ABOUT THIS EXERCISE:
Only one stretch of the data below is needed. Output the lines from the one with "End DirectSum." up to and including the one with "(forall k : V1, (exists u, K u = k) ->", exactly as they stand.

RECORD SET START

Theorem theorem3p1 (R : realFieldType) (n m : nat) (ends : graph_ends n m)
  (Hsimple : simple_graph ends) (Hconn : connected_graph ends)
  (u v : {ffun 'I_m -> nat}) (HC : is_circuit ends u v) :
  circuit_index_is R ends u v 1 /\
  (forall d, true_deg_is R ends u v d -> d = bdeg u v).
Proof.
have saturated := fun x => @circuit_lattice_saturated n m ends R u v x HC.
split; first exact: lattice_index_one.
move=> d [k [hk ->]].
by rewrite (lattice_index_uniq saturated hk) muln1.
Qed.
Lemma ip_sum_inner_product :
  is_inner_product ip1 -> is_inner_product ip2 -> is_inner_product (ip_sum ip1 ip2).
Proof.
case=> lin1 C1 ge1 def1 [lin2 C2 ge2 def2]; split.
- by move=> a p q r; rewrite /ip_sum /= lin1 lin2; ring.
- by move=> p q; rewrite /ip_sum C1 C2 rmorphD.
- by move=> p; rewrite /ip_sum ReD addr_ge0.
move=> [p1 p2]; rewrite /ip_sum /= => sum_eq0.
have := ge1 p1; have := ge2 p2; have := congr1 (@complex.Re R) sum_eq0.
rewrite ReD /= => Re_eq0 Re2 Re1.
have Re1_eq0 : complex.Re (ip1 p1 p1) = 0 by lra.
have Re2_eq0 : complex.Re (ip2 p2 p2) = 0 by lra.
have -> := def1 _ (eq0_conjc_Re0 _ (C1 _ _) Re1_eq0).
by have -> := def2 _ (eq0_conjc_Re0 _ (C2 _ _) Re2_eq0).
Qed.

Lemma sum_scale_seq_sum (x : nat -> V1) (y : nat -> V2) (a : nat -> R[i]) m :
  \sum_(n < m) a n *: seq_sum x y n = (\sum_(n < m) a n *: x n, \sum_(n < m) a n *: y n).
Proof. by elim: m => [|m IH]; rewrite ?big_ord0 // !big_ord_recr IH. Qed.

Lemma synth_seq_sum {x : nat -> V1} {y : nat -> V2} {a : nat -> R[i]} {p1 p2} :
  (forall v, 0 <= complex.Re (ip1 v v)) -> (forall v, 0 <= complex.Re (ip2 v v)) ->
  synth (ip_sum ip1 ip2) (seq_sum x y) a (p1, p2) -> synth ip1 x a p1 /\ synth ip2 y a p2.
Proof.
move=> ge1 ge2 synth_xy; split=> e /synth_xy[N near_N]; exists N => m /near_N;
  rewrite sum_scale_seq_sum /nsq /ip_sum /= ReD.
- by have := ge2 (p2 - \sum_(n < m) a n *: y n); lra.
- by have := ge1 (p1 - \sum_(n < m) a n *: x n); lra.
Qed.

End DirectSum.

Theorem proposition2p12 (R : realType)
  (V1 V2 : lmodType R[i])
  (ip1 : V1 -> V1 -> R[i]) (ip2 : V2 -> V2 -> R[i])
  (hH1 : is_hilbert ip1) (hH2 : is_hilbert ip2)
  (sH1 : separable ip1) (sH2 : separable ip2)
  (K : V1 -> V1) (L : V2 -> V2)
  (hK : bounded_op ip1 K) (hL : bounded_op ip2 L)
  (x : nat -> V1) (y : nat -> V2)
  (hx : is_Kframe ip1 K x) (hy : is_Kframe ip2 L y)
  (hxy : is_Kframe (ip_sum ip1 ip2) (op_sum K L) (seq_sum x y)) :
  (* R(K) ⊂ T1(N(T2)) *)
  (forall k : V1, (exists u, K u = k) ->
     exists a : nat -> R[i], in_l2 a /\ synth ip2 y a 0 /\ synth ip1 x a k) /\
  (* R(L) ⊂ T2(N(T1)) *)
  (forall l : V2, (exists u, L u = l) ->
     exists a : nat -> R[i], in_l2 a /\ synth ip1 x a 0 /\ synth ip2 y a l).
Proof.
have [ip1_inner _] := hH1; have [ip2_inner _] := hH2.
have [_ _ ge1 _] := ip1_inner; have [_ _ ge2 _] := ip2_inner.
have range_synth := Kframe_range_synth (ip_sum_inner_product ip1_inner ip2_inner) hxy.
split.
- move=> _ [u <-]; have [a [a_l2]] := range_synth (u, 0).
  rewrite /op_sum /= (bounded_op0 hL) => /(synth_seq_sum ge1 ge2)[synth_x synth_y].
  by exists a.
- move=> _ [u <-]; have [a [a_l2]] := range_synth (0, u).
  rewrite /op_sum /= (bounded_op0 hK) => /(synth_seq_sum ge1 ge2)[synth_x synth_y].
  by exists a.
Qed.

RECORD SET END

TASK SOLUTION:
End DirectSum.

Theorem proposition2p12 (R : realType)
  (V1 V2 : lmodType R[i])
  (ip1 : V1 -> V1 -> R[i]) (ip2 : V2 -> V2 -> R[i])
  (hH1 : is_hilbert ip1) (hH2 : is_hilbert ip2)
  (sH1 : separable ip1) (sH2 : separable ip2)
  (K : V1 -> V1) (L : V2 -> V2)
  (hK : bounded_op ip1 K) (hL : bounded_op ip2 L)
  (x : nat -> V1) (y : nat -> V2)
  (hx : is_Kframe ip1 K x) (hy : is_Kframe ip2 L y)
  (hxy : is_Kframe (ip_sum ip1 ip2) (op_sum K L) (seq_sum x y)) :
  (* R(K) ⊂ T1(N(T2)) *)
  (forall k : V1, (exists u, K u = k) ->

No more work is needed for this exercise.